Source material:
Lemma eq_Eperm (f g : {perm 'I_N} -> R) : f =1 g -> Eperm f = Eperm g.
Proof. by move=> fg; rewrite /Eperm (eq_bigr _ (fun s _ => fg s)). Qed.

Lemma EpermZ (c : R) (f : {perm 'I_N} -> R) :
  Eperm (fun s => c * f s) = c * Eperm f.
Proof. by rewrite /Eperm -mulr_sumr mulrCA. Qed.

Lemma Eperm_sum (I : finType) (A : pred I) (F : I -> {perm 'I_N} -> R) :
  Eperm (fun s => \sum_(j in A) F j s) = \sum_(j in A) Eperm (F j).
Proof. by rewrite /Eperm exchange_big mulr_sumr. Qed.

Lemma Eperm_app (x : 'I_N) (F : 'I_N -> R) :
  Eperm (fun s => F (s x)) = N%:R^-1 * \sum_(i < N) F i.
Proof.
(* [\sum_(i < N)] and [\sum_(i : 'I_N)] are convertible but differ
   syntactically, which [field] cannot see through. *)
suff -> : Eperm (fun s => F (s x)) = N%:R^-1 * \sum_i F i by [].
have N_gt0 : (0 < N)%N by apply: leq_ltn_trans (ltn_ord x).
have N_neq0 : N%:R != 0 :> R by rewrite pnatr_eq0 -lt0n.
have := sum_perm_appE x F; rewrite card_ord -[LHS]mulr_natr -[RHS]mulr_natr => sumE.
rewrite /Eperm -[X in _ * X](mulfK N_neq0) sumE.
by field; rewrite N_neq0 card_perm_neq0.
Qed.

Lemma Eperm_app2 (x x' : 'I_N) (G : 'I_N -> 'I_N -> R) : x != x' ->
  Eperm (fun s => G (s x) (s x')) =
  (N%:R * (N%:R - 1))^-1 * \sum_(i < N) \sum_(j < N | j != i) G i j.
Proof.
move=> neq_x; suff -> : Eperm (fun s => G (s x) (s x')) =
  (N%:R * (N%:R - 1))^-1 * \sum_i \sum_(j | j != i) G i j by [].
have := max_card (mem [set x; x']); rewrite cards2 neq_x card_ord => N_gt1.
have N_neq0 : N%:R != 0 :> R by rewrite pnatr_eq0 -lt0n ltnW.
have N1_neq0 : N%:R - 1 != 0 :> R by rewrite subr_eq0 pnatr_eq1 gtn_eqF.
have := sum_perm_app2E G neq_x; rewrite card_ord -subn1.
rewrite -[LHS]mulr_natr -[RHS]mulr_natr natrM natrB; last exact: ltnW.
move=> sumE.
rewrite /Eperm -[X in _ * X](mulfK (mulf_neq0 N_neq0 N1_neq0)) sumE.
by field; rewrite N_neq0 N1_neq0 card_perm_neq0.
Qed.

Lemma Scov_sym j k : Scov Y j k = Scov Y k j.
Proof. by rewrite /Scov; under eq_bigr do rewrite mulrC. Qed.

Lemma Scov_add_ge0 j k : 0 <= Scov Y j j + 2 * Scov Y j k + Scov Y k k.
Proof.
pose d i l := Y i l - Ybar Y l.
have sum_sqrE : \sum_(i < N) (d i j + d i k) ^+ 2 = \sum_(i < N) d i j * d i j
    + 2 * \sum_(i < N) d i j * d i k + \sum_(i < N) d i k * d i k.
  by rewrite mulr_sumr -!big_split /=; apply: eq_bigr => i _; ring.
have -> : Scov Y j j + 2 * Scov Y j k + Scov Y k k =
    (N.-1)%:R^-1 * \sum_(i < N) (d i j + d i k) ^+ 2.
  by rewrite sum_sqrE /Scov /d; ring.
by rewrite mulr_ge0 ?invr_ge0 ?ler0n ?sumr_ge0 // => i _; apply: sqr_ge0.
Qed.

Lemma ScovE j k : Scov Y j k =
  (N%:R - 1)^-1 * (\sum_(i < N) Y i j * Y i k
                   - N%:R^-1 * (\sum_(i < N) Y i j) * \sum_(i < N) Y i k).
Proof.
have N_gt0 : (0 < N)%N by apply: leq_ltn_trans (ltn_ord j).
have N_neq0 : N%:R != 0 :> R by rewrite pnatr_eq0 -lt0n.
rewrite /Scov /Ybar -subn1 natrB // -mulr_natl; congr (_ * _).
under eq_bigr do rewrite mulrBl !mulrBr.
rewrite !sumrB -!mulr_suml -!mulr_sumr sumr_const card_ord -mulr_natl.
by field.
Qed.

Lemma Eperm_obs q : Eperm (fun s => obs Y s q) = Ybar Y q.
Proof. exact: Eperm_app. Qed.

Hypothesis N_gt1 : (1 < N)%N.

Lemma Eperm_obsM j k : Eperm (fun s => obs Y s j * obs Y s k) =
  Ybar Y j * Ybar Y k + (j == k)%:R * Scov Y j k - Scov Y j k / N%:R.
Proof.
have N_neq0 : N%:R != 0 :> R by rewrite pnatr_eq0 -lt0n ltnW.
have N1_neq0 : N%:R - 1 != 0 :> R by rewrite subr_eq0 pnatr_eq1 gtn_eqF.
rewrite ScovE /Ybar /obs; have [<-|neq_jk] := eqVneq j k.
  by rewrite (Eperm_app j (fun i => Y i j * Y i j)) mul1r; field; rewrite N_neq0 N1_neq0.
rewrite (Eperm_app2 (fun i l => Y i j * Y l k) neq_jk) mul0r addr0.
have -> : \sum_(i < N) \sum_(l < N | l != i) Y i j * Y l k =
    (\sum_(i < N) Y i j) * (\sum_(i < N) Y i k) - \sum_(i < N) Y i j * Y i k.
  rewrite mulr_suml -sumrB; apply: eq_bigr => i _.
  by rewrite mulr_sumr [X in _ = X - _](bigD1 i) //= addrC addrK.
by field; rewrite N_neq0 N1_neq0.
Qed.

Lemma Eperm_lin_sqr (A : {set 'I_N}) (c : 'I_N -> R) :
  Eperm (fun s => (\sum_(j in A) c j * obs Y s j) ^+ 2) =
  (\sum_(j in A) c j * Ybar Y j) ^+ 2 + \sum_(j in A) c j ^+ 2 * Scov Y j j
  - (\sum_(j in A) \sum_(k in A) c j * c k * Scov Y j k) / N%:R.
Proof.
have sqr_sum (x : 'I_N -> R) : (\sum_(j in A) c j * x j) ^+ 2 =
    \sum_(j in A) \sum_(k in A) c j * c k * (x j * x k).
  rewrite expr2 mulr_suml; apply: eq_bigr => j _.
  by rewrite mulr_sumr; apply: eq_bigr => k _; ring.
rewrite (eq_Eperm (g := fun s => \sum_(j in A) \sum_(k in A)
                            c j * c k * (obs Y s j * obs Y s k))) => [|s]; last first.
  exact: sqr_sum.
rewrite Eperm_sum sqr_sum mulr_suml -big_split -sumrB /=.
apply: eq_bigr => j jA; rewrite Eperm_sum mulr_suml !(bigD1 j jA) /=.
rewrite (eq_bigr (fun k => c j * c k * (Ybar Y j * Ybar Y k)
                           - c j * c k * Scov Y j k / N%:R)) => [|k /andP [_ neq_kj]].
  by rewrite sumrB EpermZ Eperm_obsM eqxx mul1r; ring.
by rewrite EpermZ Eperm_obsM eq_sym (negbTE neq_kj) mul0r addr0; ring.
Qed.

End Moments.

Section EnumForms.
Variables (R : comNzRingType) (T : finType) (A : {set T}) (x : T -> R).

Local Notation v := (\row_(i < #|A|) x (enum_val i)).

Lemma enum_quad_form (F : T -> T -> R) :
  (v *m (\matrix_(i, j) F (enum_val i) (enum_val j)) *m v^T) 0 0 =
  \sum_(j in A) \sum_(k in A) x j * F j k * x k.
Proof.
rewrite exchange_big big_enum_val !mxE; apply: eq_bigr => l _.
rewrite big_enum_val !mxE mulr_suml; apply: eq_bigr => i _.
by rewrite !mxE.
Qed.

Lemma enum_norm_form : (v *m v^T) 0 0 = \sum_(j in A) x j ^+ 2.
Proof. by rewrite big_enum_val mxE; apply: eq_bigr => i _; rewrite !mxE expr2. Qed.

End EnumForms.

Section Contrast.
Variables (R : rcfType) (N : nat) (Y : 'I_N -> 'I_N -> R).
Variables (A : {set 'I_N}) (q : 'I_N).
Hypothesis qA : q \in A.

Local Notation m := (#|A|%:R : R).

Definition contrast (j : 'I_N) : R := (j == q)%:R - m^-1.

Definition Srest_diag : R := \sum_(j in A | j != q) Scov Y j j.
Definition Srest_row : R := \sum_(k in A | k != q) Scov Y q k.
Definition Srest_all : R := \sum_(j in A | j != q) \sum_(k in A | k != q) Scov Y j k.

Lemma sum_contrast_split (x : 'I_N -> R) :
  \sum_(j in A) contrast j * x j = (1 - m^-1) * x q - m^-1 * \sum_(j in A | j != q) x j.
Proof.
rewrite (bigD1 q qA) /= /contrast eqxx mulr_sumr -sumrN; congr (_ + _).
by apply: eq_bigr => j /andP [_ /negbTE ->]; rewrite sub0r mulNr.
Qed.

Lemma sum_contrast (x : 'I_N -> R) :
  \sum_(j in A) contrast j * x j = x q - m^-1 * \sum_(j in A) x j.
Proof. by rewrite sum_contrast_split (bigD1 q qA) /=; ring. Qed.

Lemma sum_contrast_sqr_Scov :
  \sum_(j in A) contrast j ^+ 2 * Scov Y j j =
  (1 - m^-1) ^+ 2 * Scov Y q q + Srest_diag / m ^+ 2.
Proof.
rewrite (bigD1 q qA) /= /contrast eqxx /Srest_diag mulr_suml; congr (_ + _).
by apply: eq_bigr => j /andP [_ /negbTE ->]; rewrite sub0r sqrrN exprVn mulrC.
Qed.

Directions:
In the data above, each line holding "field" is to be found and copied.

Task response:
   syntactically, which [field] cannot see through. *)
by field; rewrite N_neq0 card_perm_neq0.
by field; rewrite N_neq0 N1_neq0 card_perm_neq0.
by field.
  by rewrite (Eperm_app j (fun i => Y i j * Y i j)) mul1r; field; rewrite N_neq0 N1_neq0.
by field; rewrite N_neq0 N1_neq0.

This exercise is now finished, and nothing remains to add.